If you have any version of conda, you can skip this step. You can check it by entering
conda --version
in Console. -
Install the spacyr R package:
-
From GitHub:
To install the latest package from source, you can simply run the following.
devtools::install_github("quanteda/spacyr", build_vignettes = FALSE)
- From CRAN:
install.packages("spacyr")
-
-
Install spaCy in a conda environment
-
For Windows, you need to run R as an administrator to make installation work properly. To do so, right click Rstudio (or R desktop icon) and select “Run as administrator” when launching R.
-
To install spaCy, you can simply run
library("spacyr") spacy_install()
This will install the latest version of spaCy (and its required packages) and English language model. After installation, you can initialize spacy in R with
spacy_initialize()
This will return the following message if spaCy was installed with this method.

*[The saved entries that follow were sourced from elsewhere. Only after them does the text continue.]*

Lemma miyamotoM u v : miyamoto z (mul u v) = mul (miyamoto z u) (miyamoto z v).
Proof.
have [up [um [Up Um ->]]] := eigsp_plus_minus u.
have [vp [vm [Vp Vm ->]]] := eigsp_plus_minus v.
rewrite !(linearD (miyamoto z)) /= (miyamoto_plus Up) (miyamoto_plus Vp).
rewrite (miyamoto_minus Um) (miyamoto_minus Vm) !linearDl /= !linearDr /=.
rewrite !(linearD (miyamoto z)) /= (miyamoto_plus (eigsp_plusM Up Vp)).
rewrite (miyamoto_minus (eigsp_plus_minusM Up Vm)) (mulvC um).
rewrite (miyamoto_minus (eigsp_plus_minusM Vp Um)) (miyamoto_plus (eigsp_minusM Um Vm)).
by rewrite linearNl linearNr /= linearNl linearNr opprK (mulvC vp).
Qed.

Lemma miyamotoK : involutive (miyamoto z).
Proof.
move=> u; have [up [um [Up Um ->]]] := eigsp_plus_minus u.
have -> : miyamoto z (up + um) = up - um.
  by rewrite (linearD (miyamoto z)) /= (miyamoto_plus Up) (miyamoto_minus Um).
by rewrite (linearB (miyamoto z)) /= (miyamoto_plus Up) (miyamoto_minus Um) opprK.
Qed.

End Axis.

Section Automorphism.
Variables (sg : {linear V -> V}) (rh : V -> V).
Hypotheses (sgM : forall u v, sg (mul u v) = mul (sg u) (sg v))
  (sgK : cancel sg rh) (rhK : cancel rh sg).

Lemma eigsp_auto x l u : eigsp (sg x) l (sg u) <-> eigsp x l u.
Proof. by rewrite /eigsp -sgM -linearZ; split=> [/(can_inj sgK)|->]. Qed.

Lemma primitive_axis_auto x : primitive_axis x -> primitive_axis (sg x).
Proof.
have to_x l u : eigsp (sg x) l u -> eigsp x l (rh u).
  by rewrite -{1}[u]rhK => /eigsp_auto.
have to_sgx l u : eigsp x l u -> eigsp (sg x) l (sg u) by move/eigsp_auto.
case=> x_neq0 xx dec one fus; split.
- by rewrite -(linear0 sg) (can_eq sgK).
- by rewrite -sgM xx.
- move=> u; have [u1 [u0 [uh [U1 U0 Uh Eu]]]] := dec (rh u).
  exists (sg u1), (sg u0), (sg uh); split; try exact: to_sgx.
  by rewrite -!linearD -Eu rhK.
- move=> u; split=> [/to_x/one[c Ec]|[c ->]].
    by exists c; rewrite -[u]rhK Ec linearZ.
  by rewrite -linearZ; apply/to_sgx/one; exists c.
- move=> u v; rewrite -[u]rhK -[v]rhK -sgM; move: (rh u) (rh v) => {}u {}v.
  have [f11 [f10 [f00 [f1h [f0h fhh]]]]] := fus u v.
  split; [|split; [|split; [|split; [|split]]]].
  + by move=> /eigsp_auto U /eigsp_auto W; apply/to_sgx/f11.
  + by move=> /eigsp_auto U /eigsp_auto W; rewrite f10 // linear0.
  + by move=> /eigsp_auto U /eigsp_auto W; apply/to_sgx/f00.
  + by move=> /eigsp_auto U /eigsp_auto W; apply/to_sgx/f1h.
  + by move=> /eigsp_auto U /eigsp_auto W; apply/to_sgx/f0h.
  + move=> /eigsp_auto U /eigsp_auto W; have [w1 [w0 [W1 W0 ->]]] := fhh U W.
    by exists (sg w1), (sg w0); rewrite linearD; split; try exact: to_sgx.
Qed.
(* For any unit types $U,V$ and any types $T,R$: if $V\to R\preceq U\to T$, then there exist unit types $\vec W=W_1,\dots,W_n$ and type variables $\vec X=X_1,\dots,X_n$ such that $U\to T\equiv(V\to R)[\vec W/\vec X]$.
   Context: Fix a commutative ring $(\mathcal S,+,\times)$. Types: $T ::= U \mid \forall X.T \mid \alpha.T \mid \overline0$; unit types: $U ::= X \mid U\to T \mid \forall X.U$ ($\alpha\in\mathcal S$, $X$ type variables). Type variables are only substituted by unit types; $T[\vec W/\vec X]$ means $T[W_1/X_1]\cdots[W_n/X_n]$ and $(\alpha.T)[U/X]=\alpha.T[U/X]$. Type equivalence $\equiv$ is the least congruence with $\alpha.\overline0\equiv\overline0$, $0.T\equiv\overline0$, $1.T\equiv T$, $\alpha.(\beta.T)\equiv(\alpha\times\beta).T$, $\forall X.\alpha.T\equiv\alpha.\forall X.T$. Write $T\prec R$ if either $R\equiv\forall X.T$ for some $X$, or $T\equiv\forall X.S$ and $R\equiv S[U/X]$ for some type $S$ and unit type $U$; $\preceq$ is the reflexive and transitive closure of $\prec$. *)

(* Types of the calculus, in de Bruijn representation
   (types are identified up to alpha-conversion, as in the paper). *)
From HB Require Import structures.
From mathcomp Require Import all_boot all_algebra.
Set Implicit Arguments. Unset Strict Implicit. Unset Printing Implicit Defensive.
Import GRing.Theory.
Local Open Scope ring_scope.

Section Types.
Variable S : comPzRingType.

Inductive ty : Type :=
| TVar  : nat -> ty
| TArr  : ty -> ty -> ty
| TAll  : ty -> ty
| TScal : S -> ty -> ty
| TZero : ty.

Fixpoint is_unit (t : ty) : bool :=
  match t with
  | TVar _ => true
  | TArr u r => is_unit u && is_type r
  | TAll u => is_unit u
  | _ => false
  end
with is_type (t : ty) : bool :=
  match t with
  | TVar _ => true
  | TArr u r => is_unit u && is_type r
  | TAll r => is_type r
  | TScal _ r => is_type r
  | TZero => true
  end.
Lemma dotvZr a u w : dotv w (a *: u) = a * dotv w u.
Proof. by rewrite dotvC dotvZl dotvC. Qed.

Lemma dotvNl u w : dotv (- u) w = - dotv u w.
Proof. by rewrite -scaleN1r dotvZl mulN1r. Qed.

Lemma dotvNr u w : dotv w (- u) = - dotv w u.
Proof. by rewrite dotvC dotvNl dotvC. Qed.

Lemma dotvBl u w z : dotv (u - w) z = dotv u z - dotv w z.
Proof. by rewrite dotvDl dotvNl. Qed.

Lemma dotvBr u w z : dotv z (u - w) = dotv z u - dotv z w.
Proof. by rewrite !(dotvC z) dotvBl. Qed.

Lemma dot0v u : dotv 0 u = 0.
Proof. by rewrite /dotv big1 // => i _; rewrite mxE mul0r. Qed.

Lemma dotvv_ge0 u : 0 <= dotv u u.
Proof. by rewrite sumr_ge0 // => i _; rewrite -expr2 sqr_ge0. Qed.

Lemma enorm_ge0 u : 0 <= enorm u.
Proof. exact: sqrtr_ge0. Qed.

Lemma enorm_sqr u : enorm u ^+ 2 = dotv u u.
Proof. by rewrite sqr_sqrtr // dotvv_ge0. Qed.

Lemma enormN u : enorm (- u) = enorm u.
Proof. by rewrite /enorm dotvNl (dotvC u) dotvNl opprK. Qed.

Lemma enormZ a u : enorm (a *: u) = `|a| * enorm u.
Proof. by rewrite /enorm dotvZl dotvZr mulrA -expr2 sqrtrM ?sqr_ge0 // sqrtr_sqr. Qed.

Lemma enorm_eq0 u : (enorm u == 0) = (u == 0).
Proof.
apply/idP/eqP => [|->]; last by rewrite /enorm dot0v sqrtr0.
rewrite sqrtr_eq0 le_eqVlt ltNge dotvv_ge0 orbF => /eqP.
move/psumr_eq0P => u0; apply/rowP => i.
by apply/eqP; rewrite mxE -sqrf_eq0 expr2 u0 // => j _; rewrite -expr2 sqr_ge0.
Qed.

Lemma dotv_le_enorm u w : dotv u w <= enorm u * enorm w.
Proof.
have [->|u0] := eqVneq u 0; first by rewrite dot0v mulr_ge0 ?enorm_ge0.
have [->|w0] := eqVneq w 0; first by rewrite dotvC dot0v mulr_ge0 ?enorm_ge0.
have a_gt0 : 0 < enorm u by rewrite lt_def enorm_eq0 u0 enorm_ge0.
have b_gt0 : 0 < enorm w by rewrite lt_def enorm_eq0 w0 enorm_ge0.
have := dotvv_ge0 (enorm w *: u - enorm u *: w).
rewrite !(dotvBl, dotvBr, dotvZl, dotvZr) (dotvC w u) -!enorm_sqr.
have ab_gt0 : 0 < enorm u * enorm w by rewrite mulr_gt0.
nra.
Qed.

## Found 'spacy_condaenv'. spacyr will use this environment ## successfully initialized (spaCy Version: 2.0.11, language model: en) ## (python options: type = "condaenv", value = "spacy_condaenv")
-
-
(optional) Add more language models
For spaCy installed by
spacy_install()
, spacyr provides a useful helper function to install additional language models. For instance, to install Gernman language modelspacy_download_langmodel("de")
(Again, Windows users have to run this command as an administrator. Otherwise, sim-link to language model will fail.)
We welcome your comments and feedback. Please file issues on the issues page, and/or send us comments at [email protected] and [email protected].
To allow R to access the underlying Python functionality, it must open a connection by being initialized within your R session.
We provide a function for this, spacy_initialize()
, which attempts to
make this process as painless as possible by searching your system for
Python executables, and testing which have spaCy installed. For power
users (such as those with multiple installations of Python), it is
possible to specify the path manually through the python_executable
argument, which also makes initialization faster. (You will need to
change the value on your system of the Python executable.)
library("spacyr")
spacy_initialize()
## Found 'spacy_condaenv'. spacyr will use this environment
## successfully initialized (spaCy Version: 2.0.11, language model: en)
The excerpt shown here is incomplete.